── Stored data

Lemma smooth_on_dw (h : R -> R -> R) : smooth_on D h -> smooth_on D (dw h).
Proof. exact (smooth_on_pd (false :: nil) h). Qed.

Lemma smooth_on_ex_partials (h : R -> R -> R) (a c : R) :
  smooth_on D h -> D a c -> ex_partials h a c.
Proof. intros Sh Hac. destruct (Sh nil a c Hac) as [Hu [Hw _]]. now split. Qed.

Lemma smooth_on_continuity (h : R -> R -> R) (a c : R) :
  smooth_on D h -> D a c -> continuity_2d_pt h a c.
Proof. intros Sh Hac. apply continuity_2d_pt_filterlim, (Sh nil a c Hac). Qed.

Lemma smooth_on_ex_diff_n (n : nat) (h : R -> R -> R) (a c : R) :
  smooth_on D h -> D a c -> ex_diff_n h n a c.
Proof.
  revert h. induction n as [|n IH]; intros h Sh Hac; simpl.
  - split; [now apply smooth_on_continuity | exact I].
  - destruct (smooth_on_ex_partials h a c Sh Hac) as [Hu Hw].
    repeat split; auto using smooth_on_continuity.
    + apply (IH (du h)); auto using smooth_on_du.
    + apply (IH (dw h)); auto using smooth_on_dw.
Qed.

Hypothesis HD : open2 D.

Lemma open2_locally_2d (a c : R) : D a c -> locally_2d D a c.
Proof. intros Hac. apply locally_2d_locally, (HD (a, c)), Hac. Qed.

Lemma smooth_on_du_dw (h : R -> R -> R) (a c : R) :
  smooth_on D h -> D a c -> du (dw h) a c = dw (du h) a c.
Proof.
  intros Sh Hac. apply Schwarz.
  - apply (locally_2d_impl D); [apply locally_2d_forall | now apply open2_locally_2d].
    intros s t Hst.
    destruct (smooth_on_ex_partials h s t Sh Hst) as [Hu Hw].
    destruct (smooth_on_ex_partials (dw h) s t (smooth_on_dw h Sh) Hst) as [Hwu _].
    destruct (smooth_on_ex_partials (du h) s t (smooth_on_du h Sh) Hst) as [_ Huw].
    tauto.
  - apply (smooth_on_continuity (du (dw h))); auto using smooth_on_du, smooth_on_dw.
  - apply (smooth_on_continuity (dw (du h))); auto using smooth_on_du, smooth_on_dw.
Qed.

(* A first-order Taylor bound [|h(p) - T_1 h(p)| <= C |p - p0|^2] makes the
   remainder [o(|p - p0|)]. *)
Lemma smooth_on_differentiable (h : R -> R -> R) (a c : R) :
  smooth_on D h -> D a c -> differentiable_pt_lim h a c (du h a c) (dw h a c).
Proof.
  intros Sh Hac.
  destruct (Taylor_Lagrange_2d h 1 a c) as [C HC].
  { apply (locally_2d_impl D); [apply locally_2d_forall | now apply open2_locally_2d].
    intros s t Hst. now apply smooth_on_ex_diff_n. }
  intros eps.
  assert (Hr : 0 < eps / (Rabs C + 1)).
  { apply Rdiv_lt_0_compat; [apply cond_pos | pose proof (Rabs_pos C); lra]. }
  apply (locally_2d_impl (fun s t =>
     Rabs (h s t - DL_pol 1 h a c (s - a) (t - c)) <=
     C * Rmax (Rabs (s - a)) (Rabs (t - c)) ^ 2 /\
     Rmax (Rabs (s - a)) (Rabs (t - c)) < eps / (Rabs C + 1))).
  2:{ apply locally_2d_and; [exact HC |].
      exists (mkposreal _ Hr). intros s t Hs Ht. now apply Rmax_lub_lt. }
  apply locally_2d_forall. intros s t [Hdl HM].
  assert (E : DL_pol 1 h a c (s - a) (t - c) =
              h a c + (du h a c * (s - a) + dw h a c * (t - c))).
  { unfold DL_pol, differential; simpl. unfold partial_derive; simpl.
    unfold Binomial.C, du, dw; simpl. field. }
  rewrite E in Hdl.
  set (M := Rmax (Rabs (s - a)) (Rabs (t - c))) in *.
  assert (HM0 : 0 <= M) by (eapply Rle_trans; [apply Rabs_pos | apply Rmax_l]).
  assert (HCM : Rabs C * M <= eps).
  { pose proof (Rabs_pos C).
    assert (eps / (Rabs C + 1) * (Rabs C + 1) = eps) by (field; lra).
    nra. }
  assert (C * M ^ 2 <= Rabs C * M * M) by (pose proof (Rle_abs C); simpl; nra).
  replace (h s t - h a c - (du h a c * (s - a) + dw h a c * (t - c)))
    with (h s t - (h a c + (du h a c * (s - a) + dw h a c * (t - c)))) by ring.
  nra.
Qed.

Section LinComb.

Variables (h g1 g2 : R -> R -> R) (al be : R).
Hypotheses (Hh : forall a c, D a c -> h a c = al * g1 a c + be * g2 a c)
  (Sg1 : smooth_on D g1) (Sg2 : smooth_on D g2).

Lemma pd_lincomb (l : list bool) (a c : R) :
  D a c -> pd l h a c = al * pd l g1 a c + be * pd l g2 a c.
Proof.
  revert a c. induction l as [|b l IH]; intros a c Hac; [now apply Hh |].
  destruct (Sg1 l a c Hac) as [G1u [G1w _]]. destruct (Sg2 l a c Hac) as [G2u [G2w _]].
  destruct b; simpl.
  - rewrite (Derive_ext_loc _ (fun s => al * pd l g1 s c + be * pd l g2 s c)).
    + rewrite Derive_plus, !Derive_scal; auto using ex_derive_scal.
    + apply (filter_imp (fun s => D s c)); [intros s Hs; now apply IH |].
      now apply locally_2d_1d_const_y, open2_locally_2d.
  - rewrite (Derive_ext_loc _ (fun s => al * pd l g1 a s + be * pd l g2 a s)).
    + rewrite Derive_plus, !Derive_scal; auto using ex_derive_scal.
    + apply (filter_imp (fun s => D a s)); [intros s Hs; now apply IH |].
      now apply locally_2d_1d_const_x, open2_locally_2d.
Qed.

Lemma smooth_on_lincomb : smooth_on D h.
Proof.
  intros l a c Hac.
  assert (Loc : locally_2d (fun s t => al * pd l g1 s t + be * pd l g2 s t = pd l h s t) a c).
  { apply (locally_2d_impl D); [apply locally_2d_forall | now apply open2_locally_2d].
    intros s t Hst. symmetry. now apply pd_lincomb. }
  destruct (Sg1 l a c Hac) as [G1u [G1w _]]. destruct (Sg2 l a c Hac) as [G2u [G2w _]].
  split; [| split].
  - apply (ex_derive_ext_loc (fun s => al * pd l g1 s c + be * pd l g2 s c)).
    + generalize (locally_2d_1d_const_y _ _ _ Loc). now apply filter_imp.
    + auto_derive; auto.
  - apply (ex_derive_ext_loc (fun s => al * pd l g1 a s + be * pd l g2 a s)).
    + generalize (locally_2d_1d_const_x _ _ _ Loc). now apply filter_imp.
    + auto_derive; auto.
  - apply continuity_2d_pt_filterlim, (continuity_2d_pt_ext_loc _ _ _ _ Loc).
    apply continuity_2d_pt_plus; apply continuity_2d_pt_mult;
      auto using continuity_2d_pt_const, smooth_on_continuity, smooth_on_pd.
Qed.

End LinComb.

End SmoothOn.

Section JacobianCalculus.

Variables (a c : R).

Lemma ex_partials_opp (p : R -> R -> R) :
  ex_partials p a c -> ex_partials (fun s t => - p s t) a c.
Proof. intros [Hu Hw]. split; auto_derive; auto. Qed.

Lemma ex_partials_scal (K : R) (p : R -> R -> R) :
  ex_partials p a c -> ex_partials (fun s t => K * p s t) a c.
Proof. intros [Hu Hw]. split; auto_derive; auto. Qed.

Lemma ex_partials_mul (p q : R -> R -> R) :
  ex_partials p a c -> ex_partials q a c -> ex_partials (fun s t => p s t * q s t) a c.
Proof. intros [Hpu Hpw] [Hqu Hqw]. split; auto_derive; auto. Qed.

Lemma jac_diag (h : R -> R -> R) : jac h h a c = 0.
Proof. unfold jac. ring. Qed.

Lemma jac_opp (p k : R -> R -> R) : jac (fun s t => - p s t) k a c = - jac p k a c.
Proof. unfold jac, du, dw. rewrite (Derive_opp (fun s => p s c)), (Derive_opp (fun s => p a s)). ring. Qed.

Lemma jac_scal (K : R) (p k : R -> R -> R) :
  jac (fun s t => K * p s t) k a c = K * jac p k a c.
Proof. unfold jac, du, dw. rewrite (Derive_scal (fun s => p s c)), (Derive_scal (fun s => p a s)). ring. Qed.

Lemma jac_mul (p q k : R -> R -> R) :
  ex_partials p a c -> ex_partials q a c ->
  jac (fun s t => p s t * q s t) k a c = p a c * jac q k a c + q a c * jac p k a c.
Proof.
  intros [Hpu Hpw] [Hqu Hqw]. unfold jac, du, dw.
  rewrite (Derive_mult (fun s => p s c) (fun s => q s c)),
          (Derive_mult (fun s => p a s) (fun s => q a s)); auto. ring.
Qed.

Section Composition.

Variables (F x y : R -> R -> R).
Hypotheses (HF : differentiable_pt_lim F (x a c) (y a c)
                   (du F (x a c) (y a c)) (dw F (x a c) (y a c)))
  (Hx : ex_partials x a c) (Hy : ex_partials y a c).

Lemma is_derive_comp_du :
  is_derive (fun s => F (x s c) (y s c)) a
    (du F (x a c) (y a c) * du x a c + dw F (x a c) (y a c) * du y a c).
Proof.
  destruct Hx as [Hxu _]. destruct Hy as [Hyu _].
  apply is_derive_Reals, derivable_pt_lim_comp_2d; [exact HF | |];
    apply is_derive_Reals, Derive_correct; assumption.
Qed.

Lemma is_derive_comp_dw :
  is_derive (fun s => F (x a s) (y a s)) c
    (du F (x a c) (y a c) * dw x a c + dw F (x a c) (y a c) * dw y a c).
Proof.
  destruct Hx as [_ Hxw]. destruct Hy as [_ Hyw].
  apply is_derive_Reals, derivable_pt_lim_comp_2d; [exact HF | |];
    apply is_derive_Reals, Derive_correct; assumption.
Qed.

Lemma ex_partials_comp : ex_partials (fun s t => F (x s t) (y s t)) a c.
Proof.
  split; eexists; [apply is_derive_comp_du | apply is_derive_comp_dw].
Qed.

Lemma jac_comp (k : R -> R -> R) :
  jac (fun s t => F (x s t) (y s t)) k a c =
  du F (x a c) (y a c) * jac x k a c + dw F (x a c) (y a c) * jac y k a c.
Proof.
  unfold jac at 1.
  replace (du (fun s t => F (x s t) (y s t)) a c) with (du F (x a c) (y a c) * du x a c + dw F (x a c) (y a c) * du y a c)
    by (symmetry; apply is_derive_unique, is_derive_comp_du).
  replace (dw (fun s t => F (x s t) (y s t)) a c) with (du F (x a c) (y a c) * dw x a c + dw F (x a c) (y a c) * dw y a c)
    by (symmetry; apply is_derive_unique, is_derive_comp_dw).
  unfold jac. ring.
Qed.

End Composition.

End JacobianCalculus.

────

→ Work order:
When a line in the material above includes the word "split", copy that line.

→ Solution:
Proof. intros Sh Hac. destruct (Sh nil a c Hac) as [Hu [Hw _]]. now split. Qed.
  - split; [now apply smooth_on_continuity | exact I].
    repeat split; auto using smooth_on_continuity.
  split; [| split].
Proof. intros [Hu Hw]. split; auto_derive; auto. Qed.
Proof. intros [Hu Hw]. split; auto_derive; auto. Qed.
Proof. intros [Hpu Hpw] [Hqu Hqw]. split; auto_derive; auto. Qed.
  split; eexists; [apply is_derive_comp_du | apply is_derive_comp_dw].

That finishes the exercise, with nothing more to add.